Now if we join the tables on columns that are not indexed in either table_a or table_b.

    Select xxx,yyy,xxx
    from table_a
    join table_b on table_b.unindexed_column = table_a.unindexed_column

Mysql will have to perform a table scan of table_b for each row in table_a.
So if table_a has 100 rows in it and table_b has 1m rows that means that Mysql will have to scan table_b 100 times scanning a total of 100 million rows.
This is very inefficient.

Subselects as tables:

Mysql materializes subselects.  What that means is the first time the subselect is run, Mysql creates a temporary table to store the result set so Mysql does not have to re-execute subselect.  Note: if your result set is very large, say hundreds of thousands of rows, that can create a very large temp table.

Many times I have see queries that use a subselect as a table.  That is fine.
However you must remember that if you join a subselect to another table, the column used for the join condition must be indexed in the joined table.  
If the joined table does not have an index on the column used in the join condition then the joined table will be scanned for each row in the subselect result set.

That also means that you should not join one subselect to another subselect since the result sets of subselects are not indexed.

Another thing to keep in mind is that the columns used in join conditions must be the same datatype.  If they are not the same datatype and there is an index on the columns, Mysql can not make use of the indexes and will end up performing table scans.

Something else you need to know is that Mysql is pretty smart.  When it creates it’s join plan, it can detect which table should be the main table and which should be the joined table.
For example, if the join condition column is indexed in table_a but not in table_b, it will join table_a to table_b using table_b as the primary table.  It also means that Mysql may not join the tables in the same order you think it should.  I have seen situations where Mysql did not ‘guess’ correctly.
To override Mysql’s guess, you can specify ‘STRAIGHT_JOIN’ after the SELECT statement.  This will cause your tables to be joined in the order you specify. 
The primary table is where Mysql starts getting rows from first.

The ‘WHERE’ clause:

This is the most important part of an sql statement as it filters out rows.
If you don’t use or it is not used correctly, your select will be performing full tables scans.
This is very very bad.

Using a WHERE clause is easy.  You simply specify a column = another_column AND/OR a column = a CONSTANT.

Anytime you filter on a column the column should be indexed.
Also never change the datatype of the column you are filtering on (as in using CAST).  This prevents Mysql from using any associated index.
Mysql can only use an index when the column is used in it’s ‘native’ datatype.

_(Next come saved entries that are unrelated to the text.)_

Lemma sum_even_block i : \sum_(j < K) (even_block K D i j k : nat)%:R * x j =
  ((2 * i <= ell K D)%N && inC K D i k : nat)%:R *
  x (K - lam K D (2 * i) + (k - (K - D - lamP K D (2 * i))) %% lam K D (2 * i))%N.
Proof.
have [/andP[le_i Ci]|no_block] := boolP ((2 * i <= ell K D)%N && inC K D i k); last first.
  rewrite mul0r sum_indicator0 // => j; apply/negbTE/and4P => -[le_i _ Ci _].
  by rewrite le_i Ci in no_block.
have lam_i_gt0 := lam_gt0 K D D_gt0 D_leK _ le_i.
set r := (_ %% _)%N; have lt_r : (r < lam K D (2 * i))%N by apply: ltn_pmod.
have := lam_leD K D (2 * i) => le_lam.
rewrite mul1r; apply: sum_indicator1 => [|j]; first lia.
by rewrite /even_block le_i Ci /inR -/r; have := ltn_ord j; case: eqP; case: eqP; lia.
Qed.

(* Here and below the lower bound is [1%N] rather than the ring-scope [1] of the
   main statement (the two are convertible), so that [big_add1] applies. *)
Lemma sum_odd_block i : \sum_(j < K) (odd_block K D i j k : nat)%:R * x j =
  (((2 * i).+1 <= ell K D)%N && (K - D - lam K D (2 * i).+1 <= k)%N : nat)%:R *
  \sum_(1%N <= s < (beta K D (2 * i).+1).+1)
     x (k + \sum_(1 <= t < i.+1) beta K D (2 * t).-1 * lam K D (2 * t).-1
          + s * lam K D (2 * i).+1)%N.
Proof.
have [/andP[le_i ge_k]|no_block] :=
  boolP (((2 * i).+1 <= ell K D)%N && (K - D - lam K D (2 * i).+1 <= k)%N); last first.
  rewrite mul0r sum_indicator0 // => j.
  apply/negbTE/and4P => -[/andP[_ le_i] _ /andP[ge_k _] _].
  by rewrite le_i ge_k in no_block.
have lam_i_gt0 := lam_gt0 K D D_gt0 D_leK _ le_i.
have := @lam_euclid K D _ lam_i_gt0; rewrite lamPS => euclid.
have sum_S : (\sum_(1 <= t < i.+1) beta K D (2 * t).-1 * lam K D (2 * t).-1 =
    D - lam K D (2 * i))%N.
  by apply: sum_beta_lam_odd => //; apply: leq_trans lam_i_gt0 _; apply: leq_lam; lia.
have := lam_leD K D (2 * i); have := lamS_leKD K D (2 * i) => le_lam1 le_lam0.
have lam_split : (K - lam K D (2 * i).+2 =
    K - lam K D (2 * i) + beta K D (2 * i).+1 * lam K D (2 * i).+1)%N by lia.
rewrite sum_S mul1r.
under [LHS]eq_bigr => j _ do rewrite /odd_block le_i /inR ge_k lt_k lam_split /= -andbA.
rewrite sum_indicator_progression; [|lia|lia].
by rewrite big_add1; apply: eq_big_nat => s _; congr (x _); lia.
Qed.

Lemma sum_airL_blocks : \sum_(j < K) (airL K D j k : nat)%:R * x j =
  x k + \sum_(i < (ell K D).+1) \sum_(j < K) (even_block K D i j k : nat)%:R * x j
      + \sum_(i < (ell K D).+1) \sum_(j < K) (odd_block K D i j k : nat)%:R * x j.
Proof.
under eq_bigr => j _ do rewrite airL_nat !natrD !mulrDl !natr_sum !mulr_suml.
rewrite !big_split /= [in RHS]exchange_big [X in _ + X = _]exchange_big /=.
by rewrite (@sum_indicator1 _ _ _ (fun j : 'I_K => j == k :> nat) k) //; lia.
Qed.

Lemma sum_even_blocks :
  \sum_(i < (ell K D).+1) \sum_(j < K) (even_block K D i j k : nat)%:R * x j =
  \sum_(0 <= i < (ell K D)./2.+1) (inC K D i k : nat)%:R *
    x (K - lam K D (2 * i) + (k - (K - D - lamP K D (2 * i))) %% lam K D (2 * i))%N.
Proof.
rewrite -(@sum_indicator_prefix R _ _ _ _ (_ : (ell K D)./2.+1 <= (ell K D).+1)%N);
  last by lia.
apply: eq_bigr => i _; rewrite sum_even_block.
by congr ((_ : nat)%:R * _); congr (_ && _); lia.
Qed.

Lemma sum_odd_blocks :
  \sum_(i < (ell K D).+1) \sum_(j < K) (odd_block K D i j k : nat)%:R * x j =
  \sum_(1%N <= i < (uphalf (ell K D)).+1)
    ([exists m : 'I_(uphalf (ell K D)).+1, (i <= m)%N && inC K D m k] : nat)%:R *
    \sum_(1%N <= j < (beta K D (2 * i).-1).+1)
      x (k + \sum_(1 <= s < i) (beta K D (2 * s).-1 * lam K D (2 * s).-1)
           + j * lam K D (2 * i).-1)%N.
Proof.
rewrite big_add1 -(@sum_indicator_prefix R _ _ _ _ (_ : uphalf (ell K D) <= (ell K D).+1)%N);
  last by lia.
apply: eq_bigr => i _; rewrite sum_odd_block exists_inC_ge //.
rewrite (_ : (2 * i.+1).-1 = (2 * i).+1)%N; last by lia.
by congr ((_ : nat)%:R * _); congr (_ && _); lia.
Qed.

End AirColumn.

Local Open Scope ring_scope.

Theorem theorem1 (F : finFieldType) (K D : nat) (x : nat -> F) :
  (1 <= D)%N -> (D <= K - 1)%N ->
  forall k : 'I_(K - D),
    \sum_(j < K) airMx F K D j k * x j =
      x k
      + \sum_(0 <= i < (ell K D)./2.+1)
          (inC K D i k : nat)%:R *
          x ((K - lam K D (2 * i)) +
             ((k - (K - D - lamP K D (2 * i))) %% lam K D (2 * i)))%N
      + \sum_(1 <= i < (uphalf (ell K D)).+1)
          ([exists m : 'I_(uphalf (ell K D)).+1, (i <= m)%N && inC K D m k] : nat)%:R *
          \sum_(1 <= j < (beta K D (2 * i).-1).+1)
            x (k + \sum_(1 <= s < i) (beta K D (2 * s).-1 * lam K D (2 * s).-1)
                 + j * lam K D (2 * i).-1)%N.
Proof.
move=> D_gt0 D_le_K1 k; have D_leK : (D <= K)%N by lia.
have lt_k := ltn_ord k.
under eq_bigr do rewrite mxE.
by rewrite sum_airL_blocks // sum_even_blocks // sum_odd_blocks.
Qed.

The datatypes of the column you are filtering on and the constant/column you are comparing to must match.  If you need to change the datatype, change the datatype of the constant/column and not that of the indexed column.

Using an ‘IN’ clause:
Limit the size of the items inside an ‘IN’ clause.  If you have 50 items that’s fine. Don’t have 25 million.
There are better ways to filter.

Subselect in a WHERE clause:

Using a subselect in a WHERE clause is okay if the subselect returns a small result set.
If your subselect returns a very large result set, you may be better off simply joining the tables in the subselect like normal tables.

Get rid of subselects:

Due to the inability of subselects to be indexed you can get rid of them.
What you do is to create a temporary table.  If you specify ‘ENGINE=innodb’, the table will be created as an innodb table and will exist in the innodb buffer pool.  This avoids eating up the servers free RAM (reduces the chances of out of memory situation).  When you create this temporary table, you can create indexes.
Then, in your query you can join this temporary table just like a normal table on the indexed columns.
Maintaining the indexes (upon insert into the table) will cause a minor performance hit but the performance gain from having the indexes will more than offset that.


The ‘Takeaway’:

The takeaway from this document is that INDEXES are one of the best performance boosters.  Create them and use them.

You can not use any function (such as UPPER(), LOWER(), user_defined_function(), …..) on the indexed column or Mysql will not be able to use it.